Stored data entries
━━━━━━━━━━━━━━━━━━━━

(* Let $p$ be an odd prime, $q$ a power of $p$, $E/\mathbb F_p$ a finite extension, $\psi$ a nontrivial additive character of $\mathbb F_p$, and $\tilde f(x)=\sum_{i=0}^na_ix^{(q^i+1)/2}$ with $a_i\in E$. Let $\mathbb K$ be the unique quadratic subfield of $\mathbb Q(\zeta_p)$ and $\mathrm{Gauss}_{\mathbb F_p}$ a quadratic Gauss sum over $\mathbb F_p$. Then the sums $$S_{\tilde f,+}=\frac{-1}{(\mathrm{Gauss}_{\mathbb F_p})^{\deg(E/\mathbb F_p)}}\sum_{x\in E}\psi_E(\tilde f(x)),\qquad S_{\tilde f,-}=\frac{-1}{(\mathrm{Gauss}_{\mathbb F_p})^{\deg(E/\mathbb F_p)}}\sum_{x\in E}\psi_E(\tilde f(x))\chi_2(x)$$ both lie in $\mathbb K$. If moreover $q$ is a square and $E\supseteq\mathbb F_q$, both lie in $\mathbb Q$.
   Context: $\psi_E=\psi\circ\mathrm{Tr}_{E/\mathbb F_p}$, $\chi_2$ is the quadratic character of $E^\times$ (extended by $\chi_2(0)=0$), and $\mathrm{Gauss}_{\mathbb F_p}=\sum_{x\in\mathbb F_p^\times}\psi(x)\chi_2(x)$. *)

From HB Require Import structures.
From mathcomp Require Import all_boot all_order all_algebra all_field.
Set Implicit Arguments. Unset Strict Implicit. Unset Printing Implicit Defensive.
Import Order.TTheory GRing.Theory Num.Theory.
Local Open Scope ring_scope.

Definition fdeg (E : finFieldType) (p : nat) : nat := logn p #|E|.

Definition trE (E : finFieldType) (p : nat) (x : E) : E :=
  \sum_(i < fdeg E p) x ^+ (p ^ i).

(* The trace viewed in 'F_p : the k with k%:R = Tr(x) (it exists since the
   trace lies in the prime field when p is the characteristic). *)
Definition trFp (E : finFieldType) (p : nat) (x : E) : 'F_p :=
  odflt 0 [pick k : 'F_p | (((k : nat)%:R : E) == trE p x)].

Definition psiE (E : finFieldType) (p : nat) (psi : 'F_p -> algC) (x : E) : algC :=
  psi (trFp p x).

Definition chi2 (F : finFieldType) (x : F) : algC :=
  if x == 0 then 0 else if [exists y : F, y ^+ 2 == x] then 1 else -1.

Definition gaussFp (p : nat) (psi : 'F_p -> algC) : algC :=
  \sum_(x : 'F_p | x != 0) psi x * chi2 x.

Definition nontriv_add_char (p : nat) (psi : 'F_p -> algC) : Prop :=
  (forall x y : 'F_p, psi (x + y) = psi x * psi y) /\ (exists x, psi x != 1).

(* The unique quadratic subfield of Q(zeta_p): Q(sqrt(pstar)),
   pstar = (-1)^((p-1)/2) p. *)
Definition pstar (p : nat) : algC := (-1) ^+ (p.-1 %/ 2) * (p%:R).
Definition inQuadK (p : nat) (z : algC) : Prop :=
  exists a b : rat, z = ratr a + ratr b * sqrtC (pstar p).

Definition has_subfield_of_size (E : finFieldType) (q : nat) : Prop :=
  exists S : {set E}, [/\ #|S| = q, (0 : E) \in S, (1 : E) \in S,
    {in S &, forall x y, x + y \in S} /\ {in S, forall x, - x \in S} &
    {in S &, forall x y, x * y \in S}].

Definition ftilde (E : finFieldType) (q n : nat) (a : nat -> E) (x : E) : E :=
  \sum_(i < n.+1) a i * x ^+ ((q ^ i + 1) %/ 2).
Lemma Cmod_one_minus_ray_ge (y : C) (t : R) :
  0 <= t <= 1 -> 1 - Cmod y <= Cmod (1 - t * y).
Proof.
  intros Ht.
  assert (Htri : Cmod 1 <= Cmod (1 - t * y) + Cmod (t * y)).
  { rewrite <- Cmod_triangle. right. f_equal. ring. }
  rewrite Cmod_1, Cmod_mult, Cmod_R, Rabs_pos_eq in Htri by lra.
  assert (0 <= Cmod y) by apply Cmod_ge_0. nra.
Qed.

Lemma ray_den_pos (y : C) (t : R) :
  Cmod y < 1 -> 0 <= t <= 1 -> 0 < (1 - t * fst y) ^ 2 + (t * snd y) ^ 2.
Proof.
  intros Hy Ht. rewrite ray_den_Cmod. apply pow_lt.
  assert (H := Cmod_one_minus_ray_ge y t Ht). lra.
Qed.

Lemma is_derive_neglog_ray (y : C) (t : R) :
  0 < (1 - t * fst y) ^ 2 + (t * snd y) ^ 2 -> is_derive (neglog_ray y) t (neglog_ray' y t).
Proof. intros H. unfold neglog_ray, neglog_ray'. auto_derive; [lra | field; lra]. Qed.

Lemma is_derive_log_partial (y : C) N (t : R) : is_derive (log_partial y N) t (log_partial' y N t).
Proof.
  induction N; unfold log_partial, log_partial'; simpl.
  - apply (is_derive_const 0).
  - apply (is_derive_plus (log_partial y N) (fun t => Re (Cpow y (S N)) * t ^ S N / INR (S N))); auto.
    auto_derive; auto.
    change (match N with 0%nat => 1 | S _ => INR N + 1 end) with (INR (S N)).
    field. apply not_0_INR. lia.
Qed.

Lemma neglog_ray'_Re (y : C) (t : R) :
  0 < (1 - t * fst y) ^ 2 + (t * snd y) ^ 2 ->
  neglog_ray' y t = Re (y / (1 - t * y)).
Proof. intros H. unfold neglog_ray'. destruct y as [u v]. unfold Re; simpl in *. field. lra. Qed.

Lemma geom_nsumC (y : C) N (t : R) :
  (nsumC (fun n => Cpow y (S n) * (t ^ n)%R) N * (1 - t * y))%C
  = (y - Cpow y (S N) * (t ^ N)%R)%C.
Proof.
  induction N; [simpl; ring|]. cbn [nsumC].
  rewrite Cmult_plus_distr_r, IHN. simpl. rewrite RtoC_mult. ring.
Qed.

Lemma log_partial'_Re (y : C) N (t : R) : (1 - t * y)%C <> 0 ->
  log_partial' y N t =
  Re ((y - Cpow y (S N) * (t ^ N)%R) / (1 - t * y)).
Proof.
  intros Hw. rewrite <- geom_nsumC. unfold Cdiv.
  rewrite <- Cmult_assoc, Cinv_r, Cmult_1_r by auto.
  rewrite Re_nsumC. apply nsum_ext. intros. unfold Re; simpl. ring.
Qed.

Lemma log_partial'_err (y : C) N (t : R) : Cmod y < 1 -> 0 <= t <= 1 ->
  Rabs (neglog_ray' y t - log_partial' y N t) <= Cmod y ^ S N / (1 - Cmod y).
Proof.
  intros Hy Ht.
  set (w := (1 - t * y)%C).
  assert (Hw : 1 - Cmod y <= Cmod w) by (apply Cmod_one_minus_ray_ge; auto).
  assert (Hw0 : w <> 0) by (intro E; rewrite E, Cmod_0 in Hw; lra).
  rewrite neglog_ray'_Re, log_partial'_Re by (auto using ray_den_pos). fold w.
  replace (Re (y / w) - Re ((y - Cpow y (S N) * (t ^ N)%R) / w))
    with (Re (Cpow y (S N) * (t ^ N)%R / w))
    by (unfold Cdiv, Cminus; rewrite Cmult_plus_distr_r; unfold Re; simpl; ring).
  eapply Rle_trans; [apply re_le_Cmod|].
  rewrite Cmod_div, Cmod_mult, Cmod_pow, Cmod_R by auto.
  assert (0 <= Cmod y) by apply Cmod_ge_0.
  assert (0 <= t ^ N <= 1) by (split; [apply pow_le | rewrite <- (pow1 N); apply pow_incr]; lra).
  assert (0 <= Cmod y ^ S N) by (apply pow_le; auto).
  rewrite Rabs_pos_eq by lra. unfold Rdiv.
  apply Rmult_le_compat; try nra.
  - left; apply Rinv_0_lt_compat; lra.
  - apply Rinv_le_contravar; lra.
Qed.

━━━━━━━━━━━━━━━━━━━━

- [The task] In the entries above, find each line with "pstar" and list it.

- [Response to this task]
(* The unique quadratic subfield of Q(zeta_p): Q(sqrt(pstar)),
   pstar = (-1)^((p-1)/2) p. *)
Definition pstar (p : nat) : algC := (-1) ^+ (p.-1 %/ 2) * (p%:R).
  exists a b : rat, z = ratr a + ratr b * sqrtC (pstar p).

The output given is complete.